In the coming months, a scientific panel will publicly announce its own proposal for how the Anthropocene should be defined, in strict geologic terms.

Established in 2009, the Anthropocene Working Group (AWG) was assigned three tasks.

Its first task was to identify when the Anthropocene began. Crützen proposed 1780, at the start of the Industrial Revolution.

After a decade of study, the AWG decided it began in the mid-20th century, at the base of something called the 'Great Acceleration'. 

American environmental historian John McNeill coined the term 'great acceleration,' inspired by a 1944 work by Austrian economist Karl Polanyi, The Great Transformation: The Political and Economic Origins of Our Time. 

The heart of the Great Acceleration is "scale, scope and pace," McNeill told IDEAS. For the first time, beginning just 70 years ago, humans started to "fundamentally affect the governing biogeophysical cycles of the Earth" and the planet's climate system.  

economic anthropologist and former Hungarian political leader
Economic anthropologist and former Hungarian political leader Karl Polanyi was best known for his 1944 book, The Great Transformation. He argued that the creation of both the modern state and market economies were undeniably linked in history. (Wikimedia/Farrar & Rinehart)

McNeill's idea was corroborated by a set of 'Great Acceleration curves,' or graphs, published in 2007 by Crützen, McNeill and Australian Earth system scientist Will Steffen.

There are two sets — one for human drivers of planetary change: population, GDP, energy use and so on.  The second set charted Earth system responses to these drivers, such as rising CO2 concentrations, mean global temperature; ocean acidification and tropical forest loss. 

Each graph showed sudden, steep increases in the mid-20th century.

Is this the end of the Holocene?

Having decided that the Anthropocene began around 1950, the AWG's second task was to determine how Earth's new age should be ranked. It could simply be a 'stage' — the shortest time unit in the geological time scale, or it could be the start of a brand-new epoch, terminating the one we've been in for the past 12,000 years, the Holocene. 

Holocene conditions — temperate and stable — were what made human civilization possible in the first place. If the Holocene is indeed over, humanity may be in deep trouble.

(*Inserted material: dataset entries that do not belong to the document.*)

Lemma prime_ndvd_fact_pred p : prime p -> ~~ (p %| (p.-1)`!)%N.
Proof.
move=> p_pr; have := p_pr; rewrite Wilson ?prime_gt1 // -addn1.
apply: contraL => /dvdn_addr->; rewrite dvdn1; apply/eqP => p1.
by rewrite p1 in p_pr.
Qed.

Lemma geom_truncE n d : geom_trunc n d = geom n.+1 d.
Proof. by []. Qed.

Section OddPrime.

Variable p : nat.
Hypotheses (p_pr : prime p) (p_odd : odd p).

Let p_gt0 : (0 < p)%N := prime_gt0 p_pr.
Let p_gt1 : (1 < p)%N := prime_gt1 p_pr.

Definition frob_coef (j : nat) : int := (-1) ^+ j * ('C(p, j) %/ p)%N%:Z.

Definition frob_poly : {poly int} := \poly_(j < p) frob_coef j.

Lemma frob_coef0 : frob_coef 0 = 0.
Proof. by rewrite /frob_coef bin0 divn_small ?prime_gt1 ?mulr0. Qed.

Lemma frob_coef_ndvd j : (0 < j < p)%N -> ~~ (p %| `|frob_coef j|)%N.
Proof.
move=> j_range; rewrite /frob_coef abszMsign /=.
have /dvdnP [q Eq] := prime_dvd_bin p_pr j_range; rewrite Eq mulnK //.
have fact_p : p`! = (p * p.-1`!)%N by rewrite -{1}(prednK p_gt0) factS prednK.
have Efact : (q * (j`! * (p - j)`!) = p.-1`!)%N.
  apply/eqP; rewrite -(eqn_pmul2l p_gt0) -fact_p -(bin_fact (ltnW (proj2 (andP j_range)))).
  by rewrite Eq mulnA [(p * q)%N]mulnC.
apply: contra (prime_ndvd_fact_pred p_pr); rewrite -Efact; exact: dvdn_mulr.
Qed.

The AWG's third task was the most critical: identifying what geologists call a Global Stratotype Section & Point (GSSP). 

More popularly known as a 'Golden Spike,' it would consist of a few centimetres of layered sediments, somewhere on Earth, where human 'signatures' start to be seen, clearly demarcated from underlying Holocene sediments. This would serve as a standard for other sites around the world.

Twelve candidate sites were originally in the running for that Golden Spike, in Japan, China, the U.S., Denmark, Italy, Poland, Australia, the Antarctic — and Canada.

Labeled images of Crawford Lake cores -- images and graphic by Krysten Serack-Lafond. The CL GSSP, or Golden Spike, is the sequence of varves centering around the year 1950. The distinctly light calcite layer at 1935 (Dust Bowl) is the 'reference' layer Team Crawford uses to date all other layers, above and below.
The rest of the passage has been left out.